Puebla já é uma cidade grande, com muito movimento e arredores pouco interessantes. Instalei-me num Hotel perto do centro e, durante a manhã, voltei a fazer turismo. Já tinha constatado que as Catedrais no Mexico são maiores e mais espampanantes que as existentes na Europa e depois de conversar com várias pessoas percebi a razão para tal. Quando os espanhóis conquistaram o país quiseram converter os Indios ao Cristianismo e, para tal, não só destruíram muitos dos seus locais de culto como construíram catedrais fabulosas muitas delas nesses mesmos locais e até utilizando parte das pedras desses templos. A técnica para os converter passou por fazerem obras fabulosas em dimensão e riqueza que impressionam qualquer um, mesmo nos dias de hoje. Daí estas catedrais extraordinárias, como a de Puebla que visitei nesse dia. Um Mexicano que conheci uns dias depois contou-me que muitos dos Índios, obrigados a adorar um cristo em que não acreditavam tinham crucifixos ocos onde colocavam artefactos e relíquias referentes aos seus deuses assim fingindo que rezavam a Santos católicos quando, na realidade, o faziam aos Deuses em quem tinham fé.
Visitei ainda um interessante museu que tinha não só pinturas de autores locais dos séculos XVII e XVIII como simples máquinas da segunda metade do século XIX e inícios do século XX.
Da parte da tarde parti para Oaxaca, primeiro através de uma auto estrada e depois, na maior parte do percurso, um tipo de estrada que não tinha visto em mais parte nenhuma do mundo. A estrada em si não tinha nada de extraordinário pois era com bom piso de faixa única em cada sentido, a maior parte através de uma serra. O que era extraordinário é que tinha portagens, como se fosse uma auto estrada.

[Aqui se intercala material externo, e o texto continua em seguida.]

Lemma taylor2_Omegapsi_perturb v :
  taylor2 (fun e => Omegapsi G dpsi (perturb g e) v) 0 (a * Lap G Lg v)
    (- a * Lap G (fun w => g w * Lg w) v + 2 * (a + b) * Gam G g Lg v).
Proof.
  eapply taylor2_ext.
  - apply (taylor2_Lap G v (fun w e =>
      dpsi (perturb g e w / perturb g e v) * (perturb g e w / perturb g e v) *
      (Lap G (perturb g e) w / perturb g e w - Lap G (perturb g e) v / perturb g e v))).
    intros w. apply taylor2_mult_taylor1.
    + apply taylor1_mult; [apply taylor1_dpsi_perturb_ratio |].
      apply (taylor1_of_taylor2 _ _ _ _ (taylor2_perturb_ratio v w)).
    + eapply taylor2_ext; [apply taylor2_minus; apply taylor2_Lap_div_perturb | reflexivity | ..].
      * ring.
      * reflexivity.
      * reflexivity.
  - reflexivity.
  - rewrite (Lap_affine G v _ g 0 0) by (intros; ring). ring.
  - apply (Lap_affine G v _ Lg a (- a * Lg v)). intros; ring.
  - rewrite (Lap_affine2 G v _ (fun w => g w * Lg w) (fun w => (g w - g v) * (Lg w - Lg v))
      (- a) (a + b) (a * g v * Lg v)) by (intros; cbv beta; ring).
    rewrite Lap_mul_diff. ring.
Qed.

Lemma taylor2_Lap_mul_Lappsi_div v :
  taylor2 (fun e => Lap G (perturb g e) v * Lappsi G psi (perturb g e) v / perturb g e v)
    0 0 (a * Lg v * Lg v).
Proof.
  eapply taylor2_ext.
  - apply taylor2_mult; [apply taylor2_mult |].
    + apply (taylor2_poly 0 (Lg v) 0).
    + apply (taylor2_Lappsi_perturb v).
    + apply (taylor2_inv_affine (g v)).
  - intros e; cbv beta. rewrite Lap_perturb. unfold perturb, Rdiv. ring.
  - ring.
  - ring.
  - ring.
Qed.

Lemma taylor2_Lap_perturb_mul_Lappsi v :
  taylor2 (fun e => Lap G (fun w => perturb g e w * Lappsi G psi (perturb g e) w) v)
    0 (a * Lap G Lg v) (b * Lap G (Gam1 G g) v).
Proof.
  eapply taylor2_ext.
  - apply (taylor2_Lap G v (fun w e => perturb g e w * Lappsi G psi (perturb g e) w)).
    intros w. eapply taylor2_ext.
    + apply taylor2_mult; [apply (taylor2_poly 1 (g w) 0) | apply (taylor2_Lappsi_perturb w)].
    + intros e; cbv beta. unfold perturb. ring.
    + reflexivity.
    + reflexivity.
    + reflexivity.
  - reflexivity.
  - rewrite (Lap_affine G v _ g 0 0) by (intros; ring). ring.
  - apply (Lap_affine G v _ Lg a 0). intros; ring.
  - apply (Lap_affine G v _ (Gam1 G g) b 0). intros; ring.
Qed.

Lemma taylor2_Gamma2psi_perturb v :
  taylor2 (fun e => Gamma2psi G psi dpsi (perturb g e) v) 0 0 (- b * Gamma2 G g v).
Proof.
  eapply taylor2_ext.
  - apply (taylor2_scal (/ 2)), taylor2_minus; [apply taylor2_plus |].
    + apply (taylor2_Omegapsi_perturb v).
    + apply (taylor2_Lap_mul_Lappsi_div v).
    + apply taylor2_mult; [apply (taylor2_Lap_perturb_mul_Lappsi v) |].
      apply (taylor2_inv_affine (g v)).
  - intros e; cbv beta. unfold Gamma2psi, perturb, Rdiv. reflexivity.
  - ring.
  - ring.
  - unfold Gamma2, Gam, Lg. field.
Qed.

Lemma taylor2_CDpsi_defect d v :
  taylor2 (fun e => Gamma2psi G psi dpsi (perturb g e) v
                    - / d * Lappsi G psi (perturb g e) v ^ 2)
    0 0 (- b * Gamma2 G g v - / d * (a * Lg v) ^ 2).
Proof.
  eapply taylor2_ext.
  - apply taylor2_minus; [apply (taylor2_Gamma2psi_perturb v) |].
    apply (taylor2_scal (/ d)), taylor2_mult; apply (taylor2_Lappsi_perturb v).
  - intros e; cbv beta. ring.
  - ring.
  - ring.
  - ring.
Qed.

End Perturbation.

Antes de entrar nesta estrada vi uma barraca feita muito rudimentarmente com panos brancos na borda da autoestrada e duas mulheres a cozinharem debaixo daquele toldo. Havia uma única mesa onde estavam três camionistas, com os respectivos camiões parados na beira da auto estrada. Resolvi parar para também almoçar e sentei-me à mesa com eles. Tinham ar de Indios, grandes. Os três tinham pulseiras em prata com um bom par de centímetros de largura e chapas com algum escrito mas o que estava sentado à minha frente exibia ainda um enorme crucifixo preso a uma grossa corrente de prata por fora da T shirt em que a cruz era em azul forte e a imagem num dourado brilhante. Era até assustador de tão original. Não deram grande conversa mas o almoço de carne picada com tomate, pimento recheado com queijo e arroz estava excelente e, acompanhado de uma Coca Cola, custou o equivalente a três euros, gorjeta incluída.